Using Irrational Concern. (Character is irrationally afraid of something)

6. A teenage girl leaves the house for an evening out with her friends. Her mother makes her promise to be back before midnight. The girl kisses her mother and tells her she worries too much. She’ll be fine, she says.

7. A man is worried about being buried alive or early burial, or mistaken burial.

8. A man is invited to his long-lost friend’s house, way out in the country. He knows only that something strange has happened to his friend. As he approaches, he is filled with fear about the house, and the desolate nature around it, and he especially sees a crack, a fissure in the house that is strange.

Using Character Apprehension – (Character is scared about something)

9. As a man gets ready for work, we see that he is tense and sweating. His wife kisses him goodbye and wishes him good luck. The man throws her an uneasy look and picks up his briefcase.

Using Dialogue and Character Opinion.

10. “I suppose there was talk in our house, afterward.”

11. I told myself there would be no more bodies, but I didn’t believe a word of it.

12. “Does this safari guarantee I come back alive?” Reply: “We guarantee nothing!”

Showing a loaded Gun – (if you show a gun, you have to fire it)

13. An old man is sitting at his desk looking at his stamp collection. When he opens the drawer for his magnifying glass, his fingers brush against something…

14. You visit a fortune teller. She looks into her crystal ball, then suddenly closes her eyes and crosses herself.

15. A man is at his breakfast table, when he sees something he considers lucky on the floor.

Foreshadowing Through Symbolic Omens

16. The first thing Mary saw when she pulled back the curtains was a solitary magpie sitting on the fence. She waited for a second bird to appear, but no magpie came

17. Or Mary can just open her curtains and see storm clouds gathering on the horizon.

18. The leaves fell early that year.

1. Foreshadowing with a “Pre-Scene”

A pre-scene is simply a smaller version of a larger scene to come. They are not significant by themselves, but they imply that there is something more spectacular waiting to happen right around the corner.
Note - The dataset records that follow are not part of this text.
Lemma measure_mono A B : Sigma A -> Sigma B -> (forall x, A x -> B x) -> mu A <= mu B.
Proof.
  intros HA HB Hab.
  assert (HBA : Sigma (fun x => B x /\ ~ A x)) by (apply (sigma_and Sigma HS), (sa_compl _ HS); auto).
  replace B with (fun x => A x \/ (fun x => B x /\ ~ A x) x).
  - rewrite measure_union2 by (auto; intros x Ha [_ Hn]; auto).
    pose proof (fm_nonneg _ _ Hm _ HBA). lra.
  - apply pred_ext; intro x; split.
    + intros [Ha|[Hb _]]; auto.
    + intros Hb. destruct (classic (A x)); auto.
Qed.

Lemma measure_countable_subadditive (A : nat -> X -> Prop) (u : nat -> R) M :
  (forall n, Sigma (A n)) -> (forall n, mu (A n) <= u n) ->
  (forall N, sum_f_R0 u N <= M) -> mu (fun x => exists n, A n x) <= M.
Proof.
  intros HA Hu HM.
  set (E := fun n x => A n x /\ ~ (exists j, (j < n)%nat /\ A j x)).
  assert (HE : forall n, Sigma (E n)).
  { intro n. apply (sigma_and Sigma HS), (sa_compl _ HS); auto.
    apply (sa_union _ HS). intro j. apply (sigma_and_const Sigma HS); auto. }
  assert (Hd : forall n m x, n <> m -> E n x -> E m x -> False).
  { intros n m x Hnm [Hn Hn'] [Hm1 Hm']. destruct (Nat.lt_ge_cases n m).
    - apply Hm'. exists n; auto.
    - apply Hn'. exists m; split; auto; lia. }
  pose proof (fm_sigma_additive _ _ Hm E HE Hd) as Hsum.
  replace (fun x => exists n, E n x) with (fun x => exists n, A n x) in Hsum.
  2:{ apply pred_ext; intro x; split.
      - intros [n Hn]. revert Hn. induction n as [n IH] using lt_wf_ind. intro Hn.
        destruct (classic (exists j, (j < n)%nat /\ A j x)) as [[j [Hj Hj']]|Hno].
        + apply (IH j); auto.
        + exists n. split; auto.
      - intros [n [Hn _]]; exists n; auto. }
  apply (infinite_sum_le _ _ _ Hsum). intro N.
  apply Rle_trans with (sum_f_R0 u N); auto.
  apply sum_Rle. intros n _. apply Rle_trans with (mu (A n)); auto.
  apply measure_mono; auto. intros x [h _]; auto.
Qed.
(* Let $R$ be a ring and let $\sigma: P_{-1}\to P_0$ be a homomorphism between projective right $R$-modules. Let $\sigma': P_{-1}\to \operatorname{im}\sigma$ be the map obtained from $\sigma$ by restricting its codomain to its image. Then $$\mathcal{D}_\sigma=(\operatorname{Coker}\sigma)^\perp\cap\mathcal{D}_{\sigma'}.$$
   Context: For a homomorphism $\alpha: A\to B$ of right $R$-modules, $\mathcal{D}_\alpha=\{X\in\text{Mod-}R \mid \operatorname{Hom}_R(\alpha,X):\operatorname{Hom}_R(B,X)\to\operatorname{Hom}_R(A,X)\text{ is surjective}\}$. For a module $C$, $C^\perp=\{M\in\text{Mod-}R\mid \operatorname{Ext}^1_R(C,M)=0\}$. *)

(* Right R-modules are modelled as left modules over the
   converse ring R^c, i.e. objects of type [lmodType R^c]; homomorphisms of
   right R-modules are [{linear M -> N}] between such modules. *)
From HB Require Import structures.
From mathcomp Require Import all_boot all_algebra.
Set Implicit Arguments. Unset Strict Implicit. Unset Printing Implicit Defensive.
Import GRing.Theory.
Local Open Scope ring_scope.

Notation rmodType R := (lmodType (R^c)%type).

Definition projective (R : pzRingType) (P : rmodType R) : Prop :=
  forall (M N : rmodType R) (g : {linear M -> N}) (f : {linear P -> N}),
    (forall n, exists m, g m = n) ->
    exists h : {linear P -> M}, forall x, g (h x) = f x.

Definition D_class (R : pzRingType) (A B : rmodType R) (alpha : {linear A -> B})
  (X : rmodType R) : Prop :=
  forall f : {linear A -> X}, exists g : {linear B -> X}, forall a, g (alpha a) = f a.

Definition short_exact (R : pzRingType) (M E C : rmodType R)
  (i : {linear M -> E}) (p : {linear E -> C}) : Prop :=
  injective i /\ (forall c, exists e, p e = c) /\
  (forall e, p e = 0 <-> exists m, i m = e).

(* Ext^1_R(C, M) = 0, via Yoneda Ext^1: every extension of C by M splits. *)
Definition Ext1_zero (R : pzRingType) (C M : rmodType R) : Prop :=
  forall (E : rmodType R) (i : {linear M -> E}) (p : {linear E -> C}),
    short_exact i p -> exists s : {linear C -> E}, forall c, p (s c) = c.

Definition in_perp (R : pzRingType) (C M : rmodType R) : Prop := Ext1_zero C M.

(* For [X] in [D_sigma], lift [pi] along an extension [0 -> X -> E -> C -> 0]
   through the projective [P0]; on [im sigma] the lift lands in [X], and
   extending that restriction to [P0] and subtracting it leaves a map killing
   [im sigma = Ker pi], i.e. a splitting.  Conversely, every map
   [im sigma -> X] extends to [P0] once [Ext^1(C, X) = 0]: the pushout of
   [0 -> im sigma -> P0 -> C -> 0] along it splits, and a retraction of the
   split pushout provides the extension.  Composing with [sigma'] gives
   [D_sigma' ∩ C^perp ⊆ D_sigma]. *)
From HB Require Import structures.
From mathcomp Require Import all_boot all_algebra generic_quotient ring_quotient.
From mathcomp Require Import boolp.
Set Implicit Arguments. Unset Strict Implicit. Unset Printing Implicit Defensive.
Import GRing.Theory.
Local Open Scope ring_scope.
Local Open Scope quotient_scope.

Definition to_linear (S : pzRingType) (U V : lmodType S) (f : U -> V)
  (f_lin : linear f) := f.
HB.instance Definition _ (S : pzRingType) (U V : lmodType S) (f : U -> V)
  (f_lin : linear f) := GRing.isLinear.Build S U V *:%R (to_linear f_lin) f_lin.

Section Cokernel.
Variables (S : pzRingType) (U V : lmodType S) (phi : {linear U -> V}).

Definition image_pred : pred V := fun v => `[< exists u, phi u = v >].

Lemma image_predP v : reflect (exists u, phi u = v) (v \in image_pred).
Proof. exact: asboolP. Qed.

Lemma image_pred_zmod_closed : zmod_closed image_pred.
Proof.
split; first by apply/image_predP; exists 0; rewrite linear0.
move=> _ _ /image_predP[u <-] /image_predP[w <-].
by apply/image_predP; exists (u - w); rewrite linearB.
Qed.
HB.instance Definition _ :=
  GRing.isZmodClosed.Build _ image_pred image_pred_zmod_closed.

Definition coker := Quotient.quot (GRing.ZmodClosed.clone V image_pred _).
HB.instance Definition _ := GRing.Zmodule.on coker.
HB.instance Definition _ := EqQuotient.on coker.

Definition coker_pi (v : V) : coker := \pi_coker v.

Lemma coker_pi_eqP x y : reflect (coker_pi x = coker_pi y) (x - y \in image_pred).
Proof. by rewrite Quotient.idealrBE; apply: eqP. Qed.

Lemma coker_piD x y : coker_pi (x + y) = coker_pi x + coker_pi y.
Proof. by rewrite /coker_pi !piE. Qed.

Lemma coker_pi_surj (q : coker) : exists v, coker_pi v = q.
Proof. by exists (repr q); rewrite /coker_pi reprK. Qed.

Definition coker_scale (a : S) (q : coker) : coker := coker_pi (a *: repr q).

Lemma coker_scale_pi a v : coker_scale a (coker_pi v) = coker_pi (a *: v).
Proof.
apply/coker_pi_eqP; rewrite -scalerBr.
have /coker_pi_eqP/image_predP[u <-] : coker_pi (repr (coker_pi v)) = coker_pi v.
  by rewrite /coker_pi reprK.
by apply/image_predP; exists (a *: u); rewrite linearZ.
Qed.

Lemma coker_scaleA a b q :
  coker_scale a (coker_scale b q) = coker_scale (a * b) q.
Proof. by have [v <-] := coker_pi_surj q; rewrite !coker_scale_pi scalerA. Qed.

Lemma coker_scale1 : left_id 1 coker_scale.
Proof. by move=> q; have [v <-] := coker_pi_surj q; rewrite coker_scale_pi scale1r. Qed.

Lemma coker_scaleDr : right_distributive coker_scale +%R.
Proof.
move=> a q r; have [v <-] := coker_pi_surj q; have [w <-] := coker_pi_surj r.
by rewrite -coker_piD !coker_scale_pi scalerDr coker_piD.
Qed.

Lemma coker_scaleDl q : {morph coker_scale^~ q : a b / a + b}.
Proof.
move=> a b; have [v <-] := coker_pi_surj q.
by rewrite !coker_scale_pi scalerDl coker_piD.
Qed.

HB.instance Definition _ := GRing.Zmodule_isLmodule.Build S coker
  coker_scaleA coker_scale1 coker_scaleDr coker_scaleDl.

Lemma coker_pi_linear : linear coker_pi.
Proof. by move=> a x y; rewrite coker_piD -coker_scale_pi. Qed.
HB.instance Definition _ :=
  GRing.isLinear.Build S V coker *:%R coker_pi coker_pi_linear.

Lemma coker_pi_eq0 v : coker_pi v = 0 <-> exists u, phi u = v.
Proof.
rewrite -(linear0 coker_pi); split.
  by move/coker_pi_eqP; rewrite subr0 => /image_predP.
by move=> ex; apply/coker_pi_eqP; rewrite subr0; apply/image_predP.
Qed.

End Cokernel.

Section Factorization.
Variables (S : pzRingType) (A M E : lmodType S).

Lemma linear_factor_inj (i : {linear M -> E}) (f : {linear A -> E}) :
  injective i -> (forall a, exists m, i m = f a) ->
  exists g : {linear A -> M}, forall a, i (g a) = f a.
Proof.
move=> i_inj f_im; pose g a := sval (cid (f_im a)).
have gK a : i (g a) = f a := svalP (cid (f_im a)).
have g_lin : linear g by move=> c a b; apply: i_inj; rewrite linearP !gK linearP.
by exists (to_linear g_lin).
Qed.

Lemma linear_factor_surj (p : {linear A -> M}) (h : {linear A -> E}) :
  (forall m, exists a, p a = m) -> (forall a, p a = 0 -> h a = 0) ->
  exists s : {linear M -> E}, forall a, s (p a) = h a.
Proof.
move=> p_surj h_ker.
have h_fiber a b : p a = p b -> h a = h b.
  by move=> pab; apply/eqP; rewrite -subr_eq0 -linearB h_ker // linearB pab subrr.
pose s m := h (sval (cid (p_surj m))).
have sK a : s (p a) = h a by apply: h_fiber; exact: svalP (cid (p_surj (p a))).
have s_lin : linear s.
  move=> c m n; have [a <-] := p_surj m; have [b <-] := p_surj n.
  by rewrite -linearP !sK linearP.
by exists (to_linear s_lin).
Qed.

End Factorization.

Lemma short_exact_retraction (R : pzRingType) (M E A : rmodType R)
    (i : {linear M -> E}) (p : {linear E -> A})
    (s : {linear A -> E}) :
  short_exact i p -> (forall a, p (s a) = a) ->
  exists r : {linear E -> M}, forall m, r (i m) = m.
Proof.
move=> [i_inj [_ exact_ip]] sK.
have [r rK] : exists r : {linear E -> M}, forall e, i (r e) = e - s (p e).
  apply: (linear_factor_inj (f := idfun \- (s \o p))) => // e.
  by apply/exact_ip; rewrite /= linearB sK subrr.
exists r => m; apply: i_inj; rewrite rK.
have /exact_ip -> : exists m', i m' = i m by exists m.
by rewrite linear0 subr0.
Qed.

Lemma D_class_comp (R : pzRingType) (A B C X : rmodType R)
    (alpha : {linear A -> B}) (beta : {linear B -> C}) (gamma : {linear A -> C}) :
  (forall a, beta (alpha a) = gamma a) ->
  D_class alpha X -> D_class beta X -> D_class gamma X.
Proof.
move=> fact Dalpha Dbeta f; have [g gK] := Dalpha f; have [h hK] := Dbeta g.
by exists h => a; rewrite -fact hK gK.
Qed.

Lemma D_class_factor (R : pzRingType) (A B C X : rmodType R)
    (alpha : {linear A -> B}) (beta : {linear B -> C}) (gamma : {linear A -> C}) :
  (forall a, beta (alpha a) = gamma a) -> D_class gamma X -> D_class alpha X.
Proof.
move=> fact Dgamma f; have [g gK] := Dgamma f.
by exists (g \o beta) => a /=; rewrite fact gK.
Qed.

Section Pushout.
Variables (R : pzRingType) (I P C X : rmodType R).
Variables (iota : {linear I -> P}) (pi : {linear P -> C}) (f : {linear I -> X}).
Hypothesis exact_iota_pi : short_exact iota pi.

Definition pushout_rel (z : I) : (X * P)%type := (f z, - iota z).

Lemma pushout_rel_linear : linear pushout_rel.
Proof. by move=> a y z; rewrite /pushout_rel !linearP. Qed.

Definition pushout := coker (to_linear pushout_rel_linear).

Lemma pushout_inl_linear : linear (fun x : X => coker_pi _ (x, 0) : pushout).
Proof.
move=> a x x'; rewrite -linearP; congr coker_pi.
by apply: injective_projections; rewrite /= ?scaler0 ?addr0.
Qed.

Lemma pushout_inr_linear : linear (fun y : P => coker_pi _ (0, y) : pushout).
Proof.
move=> a y y'; rewrite -linearP; congr coker_pi.
by apply: injective_projections; rewrite /= ?scaler0 ?addr0.
Qed.

Definition pushout_inl : {linear X -> pushout} := to_linear pushout_inl_linear.
Definition pushout_inr : {linear P -> pushout} := to_linear pushout_inr_linear.

Lemma pushout_commutes z : pushout_inl (f z) = pushout_inr (iota z).
Proof.
apply/coker_pi_eqP/image_predP; exists z.
by apply: injective_projections; rewrite /= ?subr0 ?sub0r.
Qed.

Lemma pushout_inl_inj : injective pushout_inl.
Proof.
have [iota_inj _] := exact_iota_pi.
move=> x x' /coker_pi_eqP/image_predP[z [fz iz]].
have /iota_inj z0 : iota z = iota 0 by rewrite linear0 -[iota z]opprK iz subr0 oppr0.
by apply/eqP; rewrite -subr_eq0 -fz z0 linear0.
Qed.

Lemma pushout_short_exact :
  exists p : {linear pushout -> C}, short_exact pushout_inl p.
Proof.
have [_ [pi_surj exact_iota]] := exact_iota_pi.
have [p pK] : exists p : {linear pushout -> C}, forall v, p (coker_pi _ v) = pi v.2.
  apply: (linear_factor_surj (h := pi \o snd)); first exact: coker_pi_surj.
  move=> _ /coker_pi_eq0[z <-] /=; rewrite /to_linear /pushout_rel /= linearN.
  by rewrite (proj2 (exact_iota _)) ?oppr0 //; exists z.
exists p; split; [exact: pushout_inl_inj | split].
- by move=> c; have [y <-] := pi_surj c; exists (pushout_inr y); rewrite pK.
- move=> e; have [[x y] <-] := coker_pi_surj e.
  rewrite pK /=; split=> [/exact_iota[z <-] | [x' ex']].
    exists (x + f z); apply/coker_pi_eqP/image_predP; exists z.
    by apply: injective_projections; rewrite /= ?sub0r // addrC addKr.
  by move/(congr1 p): ex'; rewrite !pK linear0.
Qed.
End Pushout.

Lemma D_class_of_Ext1_zero (R : pzRingType) (I P C X : rmodType R)
    (iota : {linear I -> P}) (pi : {linear P -> C}) :
  short_exact iota pi -> Ext1_zero C X -> D_class iota X.
Proof.
move=> exact_iota_pi ext f.
have [p exact_p] := pushout_short_exact f exact_iota_pi.
have [s sK] := ext _ _ _ exact_p.
have [r rK] := short_exact_retraction exact_p sK.
by exists (r \o pushout_inr iota f) => z; rewrite -[RHS]rK pushout_commutes.
Qed.

Lemma Ext1_zero_of_D_class (R : pzRingType) (Q P C X : rmodType R)
    (sigma : {linear Q -> P}) (pi : {linear P -> C}) :
  projective P -> (forall c, exists y, pi y = c) ->
  (forall y, pi y = 0 <-> exists x, sigma x = y) ->
  D_class sigma X -> Ext1_zero C X.
Proof.
move=> projP pi_surj exact_sigma Dsigma E i p [i_inj [p_surj exact_ip]].
have [h hK] := projP _ _ p pi p_surj.
have [f fK] : exists f : {linear Q -> X}, forall a, i (f a) = h (sigma a).
  apply: (linear_factor_inj (f := h \o sigma)) => // a.
  by apply/exact_ip; rewrite /= hK; apply/exact_sigma; exists a.
have [g gK] := Dsigma f.
have [s sK] : exists s : {linear C -> E}, forall y, s (pi y) = h y - i (g y).
  apply: (linear_factor_surj (h := h \- (i \o g))) => // y /exact_sigma[a <-].
  by rewrite /= gK fK subrr.
exists s => c; have [y <-] := pi_surj c.
by rewrite sK linearB hK (proj2 (exact_ip _)) ?subr0 //; exists (g y).
Qed.

Theorem lemma2p1 (R : pzRingType) (Pm1 P0 : rmodType R)
  (projPm1 : projective Pm1) (projP0 : projective P0)
  (sigma : {linear Pm1 -> P0})
  (I : rmodType R) (iota : {linear I -> P0}) (sigma' : {linear Pm1 -> I})
  (iota_inj : injective iota)
  (sigma'_surj : forall y : I, exists x, sigma' x = y)
  (sigma_fact : forall x, iota (sigma' x) = sigma x)
  (C : rmodType R) (pi : {linear P0 -> C})
  (pi_surj : forall c : C, exists y, pi y = c)
  (pi_ker : forall y, pi y = 0 <-> exists x, sigma x = y) :
  forall X : rmodType R,
    D_class sigma X <-> (in_perp C X /\ D_class sigma' X).
Proof.
move=> X.
have exact_iota_pi : short_exact iota pi.
  do 2!split=> //; move=> y; rewrite pi_ker; split=> [[x <-] | [z <-]].
    by exists (sigma' x).
  by have [x <-] := sigma'_surj z; exists x.
split=> [Dsigma | [perpX Dsigma']].
  split; first exact: Ext1_zero_of_D_class projP0 pi_surj pi_ker Dsigma.
  exact: D_class_factor sigma_fact Dsigma.
exact: D_class_comp sigma_fact Dsigma' (D_class_of_Ext1_zero exact_iota_pi perpX).
Qed.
In fiction, unlike in real life, everything happens for a reason. Every cause has an effect. If the reader of a novel witnesses an event that fizzles out before anything dramatic happens, they know that the drama will come later in the story.

2. Foreshadowing by Naming an Approaching Event

Simply naming the event and indicating why it is likely to be momentous is one of the simplest ways of foreshadowing there is.

‘The snow in the mountains was melting and Bunny had been dead for several weeks before we came to understand the gravity of our situation. He’d been dead for ten days before they found him, you know.’ (Donna Tartt’s The Secret History,)

This type of foreshadowing charges scenes with suspense. Now we first meet Edward ‘Bunny’ Corcoran, alive and obnoxious, we wonder when the murder is going to occur.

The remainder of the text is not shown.